Enterprise AI Strategy: Complete Framework for Series B+ Companies

author
Ali El Shayeb
January 19, 2026

Most enterprise AI strategies fail because they start with technology. We start with leverage points.

Here's the framework we use across our portfolio-and you can steal it.

Week 1: Assessment

Before writing a single line of code, map your leverage points.

Step 1: Process mapping

Document your top 10 workflows:

  • What happens?
  • How long does it take?
  • Who's involved?
  • Where do bottlenecks occur?

Step 2: Cost analysis

For each workflow, calculate:

  • Direct costs (salaries, tools)
  • Indirect costs (time, opportunity cost)
  • Error costs (bugs, compliance, support)

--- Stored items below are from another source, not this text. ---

Definition maximal_monotone (R : realType) (H : normedModType R)
  (ip : H -> H -> R) (T : H -> set H) : Prop :=
  monotone_op ip T /\
  forall S : H -> set H, monotone_op ip S ->
    (forall x u, T x u -> S x u) -> S = T.

(* Resolvent J_{rho T} = (rho T + I)^{-1}: J_{rho T}(z) is the (for maximal
   monotone T and rho > 0, unique, by Minty's theorem) point x with
   z \in rho T(x) + x, i.e. z - x \in rho T(x). *)
Definition resolvent (R : realType) (H : normedModType R)
  (T : H -> set H) (rho : R) (z : H) : H :=
  xget 0 [set x | exists u, T x u /\ z = rho *: u + x].

Definition psi (R : realType) (H : normedModType R) (T : H -> set H)
  (a b : R) (rho : R) (z : H) : R :=
  a * rho ^+ 2 + b * rho + (rho * `|resolvent T rho z - z|) ^+ 2.

(* The resolvent is well defined by Minty's theorem, proved by minimising the
   Fitzpatrick function of [T] regularised by [(|x|^2 + |u|^2) / 2]: this
   function is strongly convex, so minimising sequences are Cauchy.
   Monotonicity of [T] and Cauchy-Schwarz show that [d(rho) = |J_{rho T} z - z|]
   is nondecreasing and [d(rho) / rho] is nonincreasing, and [d > 0] since
   [0 \notin T z].  These two properties alone make [psi] strictly increasing
   and continuous with the stated limits, and make [psi(rho) / rho^4]
   nonincreasing, which is the ratio bound once the intermediate value theorem
   yields [rho_-, rho_+]. *)

From HB Require Import structures.
From mathcomp Require Import all_boot all_order all_algebra.
From mathcomp Require Import all_classical all_reals all_analysis.
From mathcomp Require Import ring lra.
Import Order.TTheory GRing.Theory Num.Theory.
Import numFieldNormedType.Exports.
Local Open Scope classical_set_scope.
Local Open Scope ring_scope.

Set Implicit Arguments.
Unset Strict Implicit.

Section InnerProduct.
Variables (R : realType) (H : normedModType R) (ip : H -> H -> R).
Hypothesis ipP : is_inner_product ip.

Lemma ipC x y : ip x y = ip y x.
Proof. by case: ipP. Qed.

Lemma ip_norm x : ip x x = `|x| ^+ 2.
Proof. by case: ipP => _ []. Qed.

Lemma ipZDl a x y z : ip (a *: x + y) z = a * ip x z + ip y z.
Proof. by case: ipP => _ []. Qed.

Lemma ip0l z : ip 0 z = 0.
Proof. by have := ipZDl 1 0 0 z; rewrite scaler0 addr0 mul1r; lra. Qed.

Lemma ipDl x y z : ip (x + y) z = ip x z + ip y z.
Proof. by rewrite -[x]scale1r ipZDl mul1r scale1r. Qed.

Lemma ipZl a x z : ip (a *: x) z = a * ip x z.
Proof. by rewrite -[a *: x]addr0 ipZDl ip0l addr0. Qed.

Lemma ipNl x z : ip (- x) z = - ip x z.
Proof. by rewrite -scaleN1r ipZl mulN1r. Qed.

Lemma ipBl x y z : ip (x - y) z = ip x z - ip y z.
Proof. by rewrite ipDl ipNl. Qed.

Lemma ip0r z : ip z 0 = 0.
Proof. by rewrite ipC ip0l. Qed.

Lemma ipDr x y z : ip z (x + y) = ip z x + ip z y.
Proof. by rewrite ipC ipDl !(ipC z). Qed.

Lemma ipZr a x z : ip z (a *: x) = a * ip z x.
Proof. by rewrite ipC ipZl ipC. Qed.

Lemma ipNr x z : ip z (- x) = - ip z x.
Proof. by rewrite ipC ipNl ipC. Qed.

Lemma ipBr x y z : ip z (x - y) = ip z x - ip z y.
Proof. by rewrite ipDr ipNr. Qed.

Definition ipE := (ipDl, ipDr, ipBl, ipBr, ipZl, ipZr, ipNl, ipNr).

Lemma ip_le_normM x y : ip x y <= `|x| * `|y|.
Proof.
have [->|x0] := eqVneq x 0; first by rewrite ip0l normr0 mul0r.
have [->|y0] := eqVneq y 0; first by rewrite ip0r normr0 mulr0.
have xy0 : 0 < `|x| * `|y| by rewrite mulr_gt0 // normr_gt0.
have := sqr_ge0 `| `|y| *: x - `|x| *: y|.
rewrite -ip_norm !ipE !ip_norm (ipC y x) => h.
suff : 0 <= (`|x| * `|y|) * (`|x| * `|y| - ip x y) by rewrite pmulr_rge0 // subr_ge0.
nra.
Qed.

Lemma normr_ip_le x y : `|ip x y| <= `|x| * `|y|.
Proof.
by rewrite ler_norml ip_le_normM andbT lerNl -ipNl -(normrN x) ip_le_normM.
Qed.

Lemma sqr_norm_convex_comb (t : R) (x y : H) : `|(1 - t) *: x + t *: y| ^+ 2 =
  (1 - t) * `|x| ^+ 2 + t * `|y| ^+ 2 - t * (1 - t) * `|x - y| ^+ 2.
Proof. by rewrite -!ip_norm !ipE (ipC y x); ring. Qed.

Lemma cvg_ipl (T : Type) (F : set_system T) {FF : Filter F} (f : T -> H) p v :
  f @ F --> p -> ip (f t) v @[t --> F] --> ip p v.
Proof.
move=> /cvgrPdist_lt fp; apply/cvgrPdist_lt => e e0.
have v1 : 0 < `|v| + 1 by rewrite ltr_wpDl.
apply: filterS (fp _ (divr_gt0 e0 v1)) => t ht.
rewrite -ipBl; apply: le_lt_trans (normr_ip_le _ _) _.
rewrite -(ltr_pM2r v1) divfK ?gt_eqF // in ht.
by apply: le_lt_trans ht; rewrite ler_wpM2l // lerDl.
Qed.

Lemma cvg_ipr (T : Type) (F : set_system T) {FF : Filter F} (f : T -> H) p v :
  f @ F --> p -> ip v (f t) @[t --> F] --> ip v p.
Proof.
by move=> fp; rewrite ipC; under eq_fun do rewrite ipC; apply: cvg_ipl.
Qed.

End InnerProduct.

Section MonotoneClosure.
Variables (R : realType) (H : normedModType R) (ip : H -> H -> R).
Hypothesis ipP : is_inner_product ip.

Definition monotonically_closed (T : H -> set H) :=
  monotone_op ip T /\
  forall x0 u0, (forall x u, T x u -> 0 <= ip (x - x0) (u - u0)) -> T x0 u0.

Lemma maximal_monotone_closed T : maximal_monotone ip T -> monotonically_closed T.
Proof.
move=> [mon max]; split => // x0 u0 rel0.
pose S x u := T x u \/ (x = x0 /\ u = u0).
suff <- : S = T by right.
apply: max => [x y u v|x u]; last by left.
case=> [Txu|[-> ->]] [Tyv|[-> ->]]; first exact: mon.
- exact: rel0.
- by rewrite -opprB -(opprB v) (ipNl ipP) (ipNr ipP) opprK; apply: rel0.
- by rewrite subrr (ip0l ipP).
Qed.

End MonotoneClosure.

Lemma cvg_sqr_dist_le (R : realType) (V : completeNormedModType R)
    (x : nat -> V) (e : nat -> R) :
  e n @[n --> \oo] --> 0 -> (forall n k, `|x n - x k| ^+ 2 <= e n + e k) ->
  cvg (x n @[n --> \oo]).
Proof.
move=> /cvgrPdist_lt e0 dx; apply: cauchy_cvg; apply: cauchy_exP => r r0.
have [N _ eN] := e0 _ (divr_gt0 (exprn_gt0 2 r0) (ltr0Sn R 1)).
have eN' n : (N <= n)%N -> e n < r ^+ 2 / 2.
  by move=> /eN /=; rewrite sub0r normrN; apply: le_lt_trans (ler_norm _).
exists (x N); exists N => // n Nn /=; rewrite -ball_normE /=.
rewrite -(ltr_pXn2r (n := 2)) ?nnegrE ?(ltW r0) //.
apply: le_lt_trans (dx N n) _.
by have := eN' N (leqnn N); have := eN' n Nn; lra.
Qed.

Section Fitzpatrick.
Variables (R : realType) (H : normedModType R) (ip : H -> H -> R).
Hypothesis ipP : is_inner_product ip.
Variable T : H -> set H.

(* [fitzpatrick_le x u c] states [F_T(x, u) + (|x|^2 + |u|^2) / 2 <= c], where
   [F_T(x, u) = sup {<x, v> + <y, u> - <y, v> | T y v}] is the Fitzpatrick
   function of [T]. *)
Definition fitzpatrick_le x u c := forall y v, T y v ->
  ip x v + ip y u - ip y v + (`|x| ^+ 2 + `|u| ^+ 2) / 2 <= c.

Lemma fitzpatrick_le_trans x u c c' :
  fitzpatrick_le x u c -> c <= c' -> fitzpatrick_le x u c'.
Proof. by move=> xuc cc' y v Tyv; apply: le_trans (xuc _ _ Tyv) cc'. Qed.

Lemma fitzpatrick_le_graph y v : monotone_op ip T -> T y v ->
  fitzpatrick_le y v (ip y v + (`|y| ^+ 2 + `|v| ^+ 2) / 2).
Proof.
move=> mon Tyv y' v' /(mon _ _ _ _ Tyv).
by rewrite !(ipE ipP) (ipC ipP y' v); lra.
Qed.

Lemma fitzpatrick_le_convex x1 u1 c1 x2 u2 c2 t :
  fitzpatrick_le x1 u1 c1 -> fitzpatrick_le x2 u2 c2 -> 0 <= t <= 1 ->
  fitzpatrick_le ((1 - t) *: x1 + t *: x2) ((1 - t) *: u1 + t *: u2)
    ((1 - t) * c1 + t * c2 - t * (1 - t) * (`|x1 - x2| ^+ 2 + `|u1 - u2| ^+ 2) / 2).
Proof.
move=> xuc1 xuc2 /andP[t0 t1] y v Tyv.
have t1' : 0 <= 1 - t by rewrite subr_ge0.
have {xuc1}/(ler_wpM2l t1') := xuc1 _ _ Tyv.
have {xuc2}/(ler_wpM2l t0) := xuc2 _ _ Tyv.
by rewrite !(sqr_norm_convex_comb ipP) !(ipE ipP); nra.
Qed.

(* [F_T(x, u) >= <x, u>]: either a point of the graph of [T] witnesses it, or
   [(x, u)] is monotonically related to the whole graph, hence lies on it. *)
Lemma fitzpatrick_le_lb x u c : monotonically_closed ip T ->
  fitzpatrick_le x u c -> ip x u + (`|x| ^+ 2 + `|u| ^+ 2) / 2 <= c.
Proof.
move=> [_ closed] xuc.
have [[y [v [Tyv]]]|] := pselect (exists y v, T y v /\ ip (x - y) (u - v) <= 0).
  by have := xuc _ _ Tyv; rewrite !(ipE ipP) (ipC ipP y u); lra.
move=> nrel; have /xuc : T x u.
  apply: closed => y v Tyv; rewrite -opprB -(opprB u) (ipNl ipP) (ipNr ipP) opprK.
  by rewrite leNgt; apply/negP => /ltW rel; apply: nrel; exists y, v.
lra.
Qed.

Lemma fitzpatrick_le_ge0 x u c : monotonically_closed ip T ->
  fitzpatrick_le x u c -> 0 <= c.
Proof.
move=> /fitzpatrick_le_lb/[apply]; have := normr_ip_le ipP x u.
by rewrite ler_norml => /andP[+ _]; have := sqr_ge0 (`|x| - `|u|); nra.
Qed.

Step 3: Automation potential

Rate each workflow 1-10 on:

  • Repetitiveness (how similar is each instance?)
  • Volume (how often does it run?)
  • Structured-ness (are rules clear?)
  • Measurability (can you verify success?)

The formula: Automation score = (Repetitiveness + Volume + Structured + Measurable) / 4 Workflows scoring 7+ are prime candidates.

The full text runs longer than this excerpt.